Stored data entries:

Lemma mxint_mull {m k l} (X : 'M[R]_(l, m)) {F : d.-tuple R -> 'M[R]_(m, k)} :
  mx_integrable lam D F -> mxint lam D (fun x => X *m F x) = X *m mxint lam D F.
Proof.
move=> hF; apply/matrixP => i j; rewrite !mxE.
under eq_Rintegral do rewrite mxE.
rewrite Rintegral_sum // => [|a]; last exact: integrableZl_EFin.
by apply: eq_bigr => a _; rewrite RintegralZl // mxE.
Qed.

Lemma mxintD {m k} {F G : d.-tuple R -> 'M[R]_(m, k)} :
  mx_integrable lam D F -> mx_integrable lam D G ->
  mxint lam D (fun x => F x + G x) = mxint lam D F + mxint lam D G.
Proof.
move=> hF hG; apply/matrixP => i j; rewrite !mxE.
by under eq_Rintegral do rewrite mxE; rewrite RintegralD.
Qed.

Lemma mxint_tr {m k} (F : d.-tuple R -> 'M[R]_(m, k)) :
  mxint lam D (fun x => (F x)^T) = (mxint lam D F)^T.
Proof. by apply/matrixP => i j; rewrite !mxE; under eq_Rintegral do rewrite mxE. Qed.

Lemma mx_integrable0 {m k} : mx_integrable lam D (fun _ => 0 : 'M[R]_(m, k)).
Proof.
move=> i j; apply: (eq_integrable mD (cst 0)) => [x _|]; last exact: integrable0.
by rewrite /= mxE.
Qed.

Lemma mxint0 {m k} : mxint lam D (fun _ => 0 : 'M[R]_(m, k)) = 0.
Proof. by apply/matrixP => i j; rewrite !mxE Rintegral_cst // mul0r. Qed.

End MatrixIntegral.

Lemma behead_cons_tuple {T} {n} (x : T) (t : n.-tuple T) :
  behead_tuple [tuple of x :: t] = t.
Proof. exact: val_inj. Qed.

Lemma sum_tuple_cons (V : nmodType) (I : finType) n (F : n.+1.-tuple I -> V) :
  \sum_(t : n.+1.-tuple I) F t = \sum_(i : I) \sum_(t : n.-tuple I) F [tuple of i :: t].
Proof.
rewrite pair_big (reindex (fun p : I * n.-tuple I => [tuple of p.1 :: p.2])) //=.
exists (fun t : n.+1.-tuple I => (thead t, behead_tuple t)).
  by move=> [i t] _; rewrite /= theadE behead_cons_tuple.
by move=> t _; rewrite [RHS]tuple_eta.
Qed.

Section ChainSum.
Context {R : realType} {d : nat}.
Context (G : forall n, 'I_d -> 'M[R]_(rdim d n, rdim d n.-1)).
Context (A : forall n, 'I_d -> 'M[R]_(rdim d n, rdim d n.+1)).

Lemma GAsum0 : GAsum G A 0 = 1%:M.
Proof.
rewrite /GAsum (eq_bigr (fun _ => 1%:M)) => [|t _]; last by rewrite mul1mx.
by rewrite sumr_const card_tuple expn0.
Qed.

Lemma GAsumS n : GAsum G A n.+1 = \sum_i G n.+1 i *m GAsum G A n *m A n i.
Proof.
rewrite /GAsum sum_tuple_cons; apply: eq_bigr => i _.
rewrite mulmx_sumr mulmx_suml; apply: eq_bigr => t _.
by rewrite /= theadE behead_cons_tuple !mulmxA.
Qed.

End ChainSum.

Lemma mx_rdim0_scalar {R : realType} {d} (M : 'M[R]_(rdim d 0)) :
  M = (M (ord_r0 d) (ord_r0 d))%:M.
Proof.
have ord_r0_unique (i : 'I_(rdim d 0)) : i = ord_r0 d.
  by apply: val_inj; have := ltn_ord i; rewrite /= {2}/rdim bin0 ltnS leqn0 => /eqP.
apply/matrixP => i j; rewrite !mxE (ord_r0_unique i) (ord_r0_unique j) eqxx.
by rewrite mulr1n.
Qed.

Lemma unitmx_rdim0_entry_neq0 {R : realType} {d} (M : 'M[R]_(rdim d 0)) :
  M \in unitmx -> M (ord_r0 d) (ord_r0 d) != 0.
Proof.
by rewrite unitmxE [M in \det M]mx_rdim0_scalar det_scalar unitfE expf_eq0 rdim0_gt0.
Qed.

Lemma Pi_eq_scale_GAsum {R : realType} {d}
    {Pi : forall n, 'M[R]_(rdim d n)}
    {A : forall n, 'I_d -> 'M[R]_(rdim d n, rdim d n.+1)}
    {C G : forall n, 'I_d -> 'M[R]_(rdim d n, rdim d n.-1)} :
  (forall n i, Pi n *m A n i = (C n.+1 i)^T *m Pi n.+1) ->
  left_inverses C G ->
  forall n, Pi n = Pi 0 (ord_r0 d) (ord_r0 d) *: GAsum G A n.
Proof.
move=> PiA hG; elim=> [|n IHn].
  by rewrite GAsum0 scalemx1 -mx_rdim0_scalar.
have -> : Pi n.+1 = \sum_i G n.+1 i *m Pi n *m A n i.
  rewrite -[Pi n.+1]mul1mx -(hG n.+1 isT) mulmx_suml.
  by apply: eq_bigr => i _; rewrite -!mulmxA PiA.
rewrite GAsumS scaler_sumr; apply: eq_bigr => i _.
by rewrite IHn -scalemxAr -scalemxAl.
Qed.

Section OrthogonalSystem.
Context {d : nat} {R : realType} {lam : {measure set (d.-tuple R) -> \bar R}}.
Context {Omega : set (d.-tuple R)} (mOmega : measurable Omega) {w : d.-tuple R -> R}.
Hypothesis w_moments : forall m : 'I_d -> nat,
  lam.-integrable Omega (fun x => ((\prod_(i < d) tnth x i ^+ m i) * w x)%:E).
Context {P : forall n, 'I_(rdim d n) -> {mpoly R[d]}} {Pi : forall n, 'M[R]_(rdim d n)}.
Context {A : forall n, 'I_d -> 'M[R]_(rdim d n, rdim d n.+1)}.
Context {B : forall n, 'I_d -> 'M[R]_(rdim d n)}.
Context {C : forall n, 'I_d -> 'M[R]_(rdim d n, rdim d n.-1)}.
Hypothesis Pi_unit : forall n, Pi n \in unitmx.

Definition wouter a b (x : d.-tuple R) : 'M[R]_(rdim d a, rdim d b) :=
  w x *: (Pvec P a x *m (Pvec P b x)^T).

Definition wouter_prev a b (x : d.-tuple R) : 'M[R]_(rdim d a.-1, rdim d b) :=
  w x *: (Pvec_prev P a x *m (Pvec P b x)^T).

Hypothesis P_orth : forall a b, a <> b -> mxint lam Omega (wouter a b) = 0.
Hypothesis P_norm : forall a, mxint lam Omega (wouter a a) = invmx (Pi a).
Hypothesis ttrr : forall n (i : 'I_d) x,
  tnth x i *: Pvec P n x =
    A n i *m Pvec P n.+1 x + B n i *m Pvec P n x + C n i *m Pvec_prev P n x.

Lemma integrable_peval_weight (p : {mpoly R[d]}) :
  lam.-integrable Omega (EFin \o fun x => peval x p * w x).
Proof.
under [fun x => _]funext do rewrite /peval mevalE big_distrl.
apply: integrable_sum_EFin => // m.
apply: (eq_integrable mOmega _ _ _ (integrableZl mOmega p@_m (w_moments (fun i => m i)))).
by move=> x _; rewrite /= -EFinM mulrA.
Qed.

Lemma mx_integrable_wouter a b : mx_integrable lam Omega (wouter a b).
Proof.
move=> r s.
have -> : (fun x => wouter a b x r s) = fun x => peval x (P a r * P b s) * w x.
  by apply: funext => x; rewrite /peval mevalM !mxE big_ord1 !mxE mulrC.
exact: integrable_peval_weight.
Qed.

Lemma wouter_prev0 b : wouter_prev 0%N b = fun _ => 0.
Proof. by apply: funext => x; rewrite /wouter_prev /= mul0mx scaler0. Qed.

Lemma wouter_prevS a b : wouter_prev a.+1 b = wouter a b.
Proof. by []. Qed.

Lemma mx_integrable_wouter_prev a b : mx_integrable lam Omega (wouter_prev a b).
Proof.
case: a => [|a]; last exact: mx_integrable_wouter.
rewrite wouter_prev0; exact: mx_integrable0.
Qed.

Try it – Please give again the lines above between the line holding "by rewrite mulr1n." and the line holding "rewrite GAsumS scaler_sumr;", inclusive, exactly as they are and with nothing added.

Final answer –
by rewrite mulr1n.
Qed.

Lemma unitmx_rdim0_entry_neq0 {R : realType} {d} (M : 'M[R]_(rdim d 0)) :
  M \in unitmx -> M (ord_r0 d) (ord_r0 d) != 0.
Proof.
by rewrite unitmxE [M in \det M]mx_rdim0_scalar det_scalar unitfE expf_eq0 rdim0_gt0.
Qed.

Lemma Pi_eq_scale_GAsum {R : realType} {d}
    {Pi : forall n, 'M[R]_(rdim d n)}
    {A : forall n, 'I_d -> 'M[R]_(rdim d n, rdim d n.+1)}
    {C G : forall n, 'I_d -> 'M[R]_(rdim d n, rdim d n.-1)} :
  (forall n i, Pi n *m A n i = (C n.+1 i)^T *m Pi n.+1) ->
  left_inverses C G ->
  forall n, Pi n = Pi 0 (ord_r0 d) (ord_r0 d) *: GAsum G A n.
Proof.
move=> PiA hG; elim=> [|n IHn].
  by rewrite GAsum0 scalemx1 -mx_rdim0_scalar.
have -> : Pi n.+1 = \sum_i G n.+1 i *m Pi n *m A n i.
  rewrite -[Pi n.+1]mul1mx -(hG n.+1 isT) mulmx_suml.
  by apply: eq_bigr => i _; rewrite -!mulmxA PiA.
rewrite GAsumS scaler_sumr; apply: eq_bigr => i _.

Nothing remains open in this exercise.